# Anticoagulant related nephropathy

> **NIH NIH R01** · OHIO STATE UNIVERSITY · 2020 · $349,200

## Abstract

Project Summary
 Anticoagulant related nephropathy (ARN) is a novel clinical entity that we have identified. ARN is an
umbrella term to describe a form of acute kidney injury (AKI) that is associated with excessive anticoagulation
in patients receiving warfarin and other anticoagulants. We have described the clinical characteristics of ARN
in patients using warfarin and have shown that patients with pre-existing chronic kidney disease (CKD) are
especially vulnerable to ARN. Furthermore, we and others have shown that ARN also occurs with direct oral
anticoagulants, such as dabigatran and apixaban. Because the use of anticoagulants is common in patients
with CKD and it is difficult to control anticoagulation in patients with impaired renal function, thus a large
number of patients are at risk for ARN. The postulated mechanism of this AKI, based on kidney biopsies
from patients and modeling the disease in rats with CKD, is that the coagulopathy, induced by
supratherapeutic anticoagulation, results in glomerular filtration barrier (GFB) injury, glomerular hemorrhage
with subsequent tubular epithelial cell injury and AKI. We propose that the pathogenesis of ARN is dependent
on glomerular hemorrhage, which is multifactorial in origin and includes multiple “hits” to the GFB. A “first hit”
(e.g. glomerular hyperfiltration/hyperperfusion, mild immune complex deposition, etc.) makes the GFB more
vulnerable to supratherapeutic anticoagulation (“second hit”).
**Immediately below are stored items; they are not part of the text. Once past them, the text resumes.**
Lemma dotv_bessel {u w} v : u != 0 -> w != 0 -> dotv u w = 0 ->
  dotv v u ^+ 2 * dotv w w + dotv v w ^+ 2 * dotv u u
    <= dotv u u * dotv w w * dotv v v.
Proof.
move=> u0 w0 uw0; have uu := dotv_gt0 u0; have ww := dotv_gt0 w0.
have := dotv_ge0 ((dotv u u * dotv w w) *: v - (dotv v u * dotv w w) *: u
                   - (dotv v w * dotv u u) *: w).
rewrite !dotvE [dotv u v]dotvC [dotv w v]dotvC [dotv w u]dotvC uw0.
set a := dotv v u; set b := dotv v w; set A := dotv u u; set B := dotv w w.
set V := dotv v v => h.
have AB_gt0 : 0 < A * B by exact: mulr_gt0.
rewrite -(ler_pM2l AB_gt0) -subr_ge0; nra.
Qed.

Lemma dotv_delta u i : dotv u (delta_mx 0 i) = u 0 i.
Proof.
rewrite /dotv (bigD1 i) //= big1 => [|j ji]; rewrite !mxE ?eqxx ?mulr1 ?addr0 //.
by rewrite (negbTE ji) mulr0.
Qed.

Lemma orthogonal_exists u : (2 <= d)%N -> exists2 w, w != 0 & dotv u w = 0.
Proof.
move=> d2; have d0 : (0 < d)%N by lia.
pose i : 'I_d := Ordinal d0; pose j : 'I_d := Ordinal d2.
have delta_neq0 k : delta_mx 0 k != 0 :> 'rV[R]_d.
  by apply/eqP => /rowP /(_ k); rewrite !mxE !eqxx; apply/eqP; rewrite oner_eq0.
have [ui0 | ui_neq0] := eqVneq (u 0 i) 0.
  by exists (delta_mx 0 i); rewrite ?dotv_delta.
exists (u 0 j *: delta_mx 0 i - u 0 i *: delta_mx 0 j).
  apply: contra ui_neq0 => /eqP /rowP /(_ j).
  by rewrite !mxE eqxx /= mulr0 mulr1 sub0r => /eqP; rewrite oppr_eq0.
by rewrite dotvDr dotvNr !dotvZr !dotv_delta mulrC subrr.
Qed.

Lemma dotv_le_enorm u v : `|dotv u v| <= enorm u * enorm v.
Proof.
rewrite -ler_sqr ?nnegrE ?mulr_ge0 ?enorm_ge0 // real_normK ?num_real //.
by rewrite exprMn !enorm_sqr dotv_cauchy_schwarz.
Qed.

Lemma dotv_unit_combination a b u v : dotv u u = 1 -> dotv v v = 1 ->
  dotv (a *: u - b *: v) (a *: u - b *: v) <= (`|a| + `|b|) ^+ 2.
Proof.
move=> uu vv; have uv_le := dotv_le_enorm u v.
rewrite /enorm uu vv sqrtr1 mulr1 in uv_le.
have cross_le : - (a * b * dotv u v) <= `|a| * `|b|.
  apply: le_trans (ler_norm _) _.
  by rewrite normrN !normrM ler_piMr ?mulr_ge0.
rewrite !dotvE uu vv [dotv v u]dotvC sqrrD !real_normK ?num_real //.
lra.
Qed.

Lemma enorm_addr_near u v : 1 / 4 <= enorm u ->
  `|dotv u v| <= enorm u / 8 -> dotv v v <= enorm u / 4 ->
  enorm u - 1 / 4 <= enorm (u + v) <= enorm u + 1 / 4.
Proof.
move=> u_ge uv_le vv_le; have r2 := enorm_sqr u.
set r := enorm u in u_ge uv_le vv_le r2 *.
have uvuv : dotv (u + v) (u + v) = r ^+ 2 + 2 * dotv u v + dotv v v.
  by rewrite !dotvE r2 [dotv v u]dotvC; ring.
move: uv_le; rewrite ler_norml => /andP[uv_ge uv_le'].
apply/andP; split.
  rewrite -[_ - _]ger0_norm ?subr_ge0 // -sqrtr_sqr ler_wsqrtr // uvuv.
  have := dotv_ge0 v; nra.
have r_ge0 : 0 <= r + 1 / 4 by lra.
rewrite -[r + _]ger0_norm // -sqrtr_sqr ler_wsqrtr // uvuv.
nra.
Qed.

Lemma vangle_lt_acos v w c : v != 0 -> w != 0 -> -1 <= c <= 1 ->
  vangle v w < acos c -> c * (enorm v * enorm w) < dotv v w.
Proof.
move=> v0 w0 c_itv.
have vw_gt0 : 0 < enorm v * enorm w by rewrite mulr_gt0 ?enorm_gt0.
have ratio_itv : -1 <= dotv v w / (enorm v * enorm w) <= 1.
  rewrite -ler_norml normrM normfV (gtr0_norm vw_gt0) ler_pdivrMr //.
  by rewrite mul1r dotv_le_enorm.
rewrite /vangle -ltr_cos ?in_itv /= ?acos_ge0 ?acos_lepi // !acosK ?in_itv //.
by rewrite ltr_pdivlMr.
Qed.

Lemma diffset_hyperplane {u c w} : diffset (hyperplane u c) w -> dotv u w = 0.
Proof. by move=> [x ux [y uy <-]]; rewrite dotvDr dotvNr ux uy subrr. Qed.

Lemma diffset_hyperplane_neq0 u c : (2 <= d)%N -> u != 0 ->
  exists2 w, diffset (hyperplane u c) w & w != 0.
Proof.
move=> d2 u0; have [w w_neq0 uw0] := orthogonal_exists u d2.
pose y := (c / dotv u u) *: u.
have uy : dotv u y = c by rewrite dotvZr mulfVK // gt_eqF // dotv_gt0.
exists w => //; exists (y + w); first by rewrite /hyperplane /= dotvDr uy uw0 addr0.
by exists y => //; rewrite addrC addKr.
Qed.

Lemma angle_hyperplane_normal {v u c eta} : (2 <= d)%N -> 0 <= eta <= 1 ->
  v != 0 -> u != 0 -> angle_sub v (hyperplane u c) < acos (1 - eta) ->
  dotv v u ^+ 2 <= 2 * eta * dotv v v * dotv u u.
Proof.
move=> d2 /andP[eta_ge0 eta_le1] v0 u0 angle_lt.
have [w0 w0_diff w0_neq0] := diffset_hyperplane_neq0 c d2 u0.
have angles_neq0 : ([set vangle v w | w in
    [set w | diffset (hyperplane u c) w /\ w != 0]] !=set0)%classic.
  by exists (vangle v w0), w0.
have [_ [w [w_diff w_neq0] <-]] := inf_lt angles_neq0 angle_lt.
move/vangle_lt_acos => /(_ v0 w_neq0) cos_lt.
have {cos_lt} vw_gt : (1 - eta) ^+ 2 * dotv v v * dotv w w < dotv v w ^+ 2.
  have /cos_lt lt_vw : -1 <= 1 - eta <= 1 by apply/andP; split; lra.
  have s_ge0 : 0 <= (1 - eta) * (enorm v * enorm w).
    by rewrite mulr_ge0 ?mulr_ge0 ?enorm_ge0 ?subr_ge0.
  rewrite -!enorm_sqr -mulrA -!exprMn ltr_pXn2r ?nnegrE //.
  exact: le_trans (ltW lt_vw).
(* [w] is orthogonal to [u] and nearly parallel to [v], so Bessel's
   inequality leaves little room for the component of [v] along [u]. *)
have := dotv_bessel v u0 w_neq0 (diffset_hyperplane w_diff).
have uu := dotv_gt0 u0; have ww := dotv_gt0 w_neq0; have vv := dotv_gt0 v0.
have := ler_wpM2r (ltW uu) (ltW vw_gt).
have : 0 <= eta ^+ 2 * (dotv u u * dotv v v * dotv w w).
  by rewrite mulr_ge0 ?sqr_ge0 ?mulr_ge0 ?ltW.
rewrite -(ler_pM2r ww); nra.
Qed.

Lemma flat_unit_normals N (P : 'I_N -> 'rV[R]_d) sig : (2 <= d)%N ->
  0 < sig <= 1 -> separated P -> flat (acos (1 - sig ^+ 2 / 2) / 2) P ->
  exists w : 'I_N -> 'rV[R]_d, (forall p, dotv (w p) (w p) = 1) /\
    forall p q, p != q ->
      dotv (P p - P q) (w p) ^+ 2 <= sig ^+ 2 * dotv (P p - P q) (P p - P q).
Proof.
move=> d2 /andP[sig_gt0 sig_le1] P_sep P_flat.
have /choice [uc uc_spec] : forall p, exists uc : 'rV[R]_d * R, uc.1 != 0 /\
    forall q, q != p ->
      angle_sub (P p - P q) (hyperplane uc.1 uc.2) <= acos (1 - sig ^+ 2 / 2) / 2.
  by move=> p; have [u [c spec]] := P_flat p; exists (u, c).
have acos_gt0 : 0 < acos (1 - sig ^+ 2 / 2).
  by rewrite acos_gt0 //; apply/andP; split; nra.
exists (fun p => (enorm (uc p).1)^-1 *: (uc p).1); split => [p | p q pq].
  have u_gt0 := enorm_gt0 (uc_spec p).1.
  by rewrite dotvZl dotvZr -enorm_sqr; field; rewrite gt_eqF.
have [u_neq0 angle_le] := uc_spec p.
have Dpq_neq0 : P p - P q != 0.
  apply: contraTneq (P_sep p q pq); rewrite /edist => ->.
  by rewrite /enorm dotv0r sqrtr0 ler10.
have eta_itv : 0 <= sig ^+ 2 / 2 <= 1 by apply/andP; split; nra.
have angle_lt : angle_sub (P p - P q) (hyperplane (uc p).1 (uc p).2)
    < acos (1 - sig ^+ 2 / 2).
  by apply: le_lt_trans (angle_le q _) _; rewrite 1?eq_sym //; lra.
have := angle_hyperplane_normal d2 eta_itv Dpq_neq0 u_neq0 angle_lt.
rewrite dotvZr exprMn exprVn enorm_sqr [_^-1 * _]mulrC ler_pdivrMr ?dotv_gt0 //.
lra.
Qed.

End Euclidean.

Section BlowUp.
Variables (R : realType) (d N n : nat) (P w : 'I_N -> 'rV[R]_d) (sig : R).
Hypothesis N_gt0 : (0 < N)%N.
Hypothesis P_sep : separated P.
Hypothesis w_unit : forall p, dotv (w p) (w p) = 1.
Hypothesis w_flat : forall p q, p != q ->
  dotv (P p - P q) (w p) ^+ 2 <= sig ^+ 2 * dotv (P p - P q) (P p - P q).
Hypothesis sig_ge0 : 0 <= sig.
Hypothesis sig_small : 16 * (n%:R + 1) * sig <= 1.

(* The offsets along the normals have length at most 2 n; this scale, with
   16 (n + 1) sig <= 1, keeps their effect on distances across columns
   below 1/4. *)
Definition blowup_scale : R := 16 * (n%:R + 1) ^+ 2.

Definition blowup_class (i : 'I_n) : 'I_N := Ordinal (ltn_pmod i N_gt0).

Definition blowup (i : 'I_n) : 'rV[R]_d :=
  blowup_scale *: P (blowup_class i) + (i %/ N)%:R *: w (blowup_class i).

Lemma blowup_scale_ge16 : 16 <= blowup_scale.
Proof. by rewrite /blowup_scale; have := ler0n R n; nra. Qed.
We hypothesize that the main mechanism of the
anticoagulant-induced GBF injury is related to decreased thrombin activity and is mediated via the loss of
(patho)physiologically-required thrombin-mediated protease-activated receptor-1 (PAR-1) signaling in the
glomerular endothelial cells. Indeed, all classes of oral anticoagulants currently used in the clinical practice
reduce physiologic thrombin activity. We have demonstrated that 5/6 nephrectomy is a suitable animal model
to study ARN. Using this model, we will determine the role of diminished thrombin activity and PAR-1 signaling
in the pathogenesis of GFB injury. Because complete thrombin deficiency is embryonically lethal, we will test
the role of diminished thrombin activity by using 5/6 nephrectomy in thrombin knockdown mice. Next, we will
examine the role of glomerular hyperfiltration/hyperperfusion in the pathogenesis of ARN. We will use
pharmacologic manipulations of glomerular filtration in 5/6 nephrectomy thrombin knockdown mice and test
whether changes in glomerular filtration accelerate or mitigate ARN. Finally, the role of oxidative stress in the
pathogenesis of tubular injury in ARN will be studied by pharmacologic interventions in 5/6 nephrectomy rats.
At the conclusion of these Specific Aims we expect to understand the molecular mechanisms of ARN and
whether ARN can be prevented or the severity of AKI diminished. In summary, this project will provide
information critical to the appropriate design of clinical trials to mitigate ARN, whic...

## Key facts

- **NIH application ID:** 9856453
- **Project number:** 5R01DK117102-02
- **Recipient organization:** OHIO STATE UNIVERSITY
- **Principal Investigator:** SERGEY BRODSKY
- **Activity code:** R01 (R01, R21, SBIR, etc.)
- **Funding institute:** NIH
- **Fiscal year:** 2020
- **Award amount:** $349,200
- **Award type:** 5
- **Project period:** 2019-02-01 → 2023-11-30

## Primary source

NIH RePORTER: https://reporter.nih.gov/project-details/9856453

## Citation

> US National Institutes of Health, RePORTER application 9856453, Anticoagulant related nephropathy (5R01DK117102-02). Retrieved via AI Analytics 2026-05-22 from https://api.ai-analytics.org/grant/nih/9856453. Licensed CC0.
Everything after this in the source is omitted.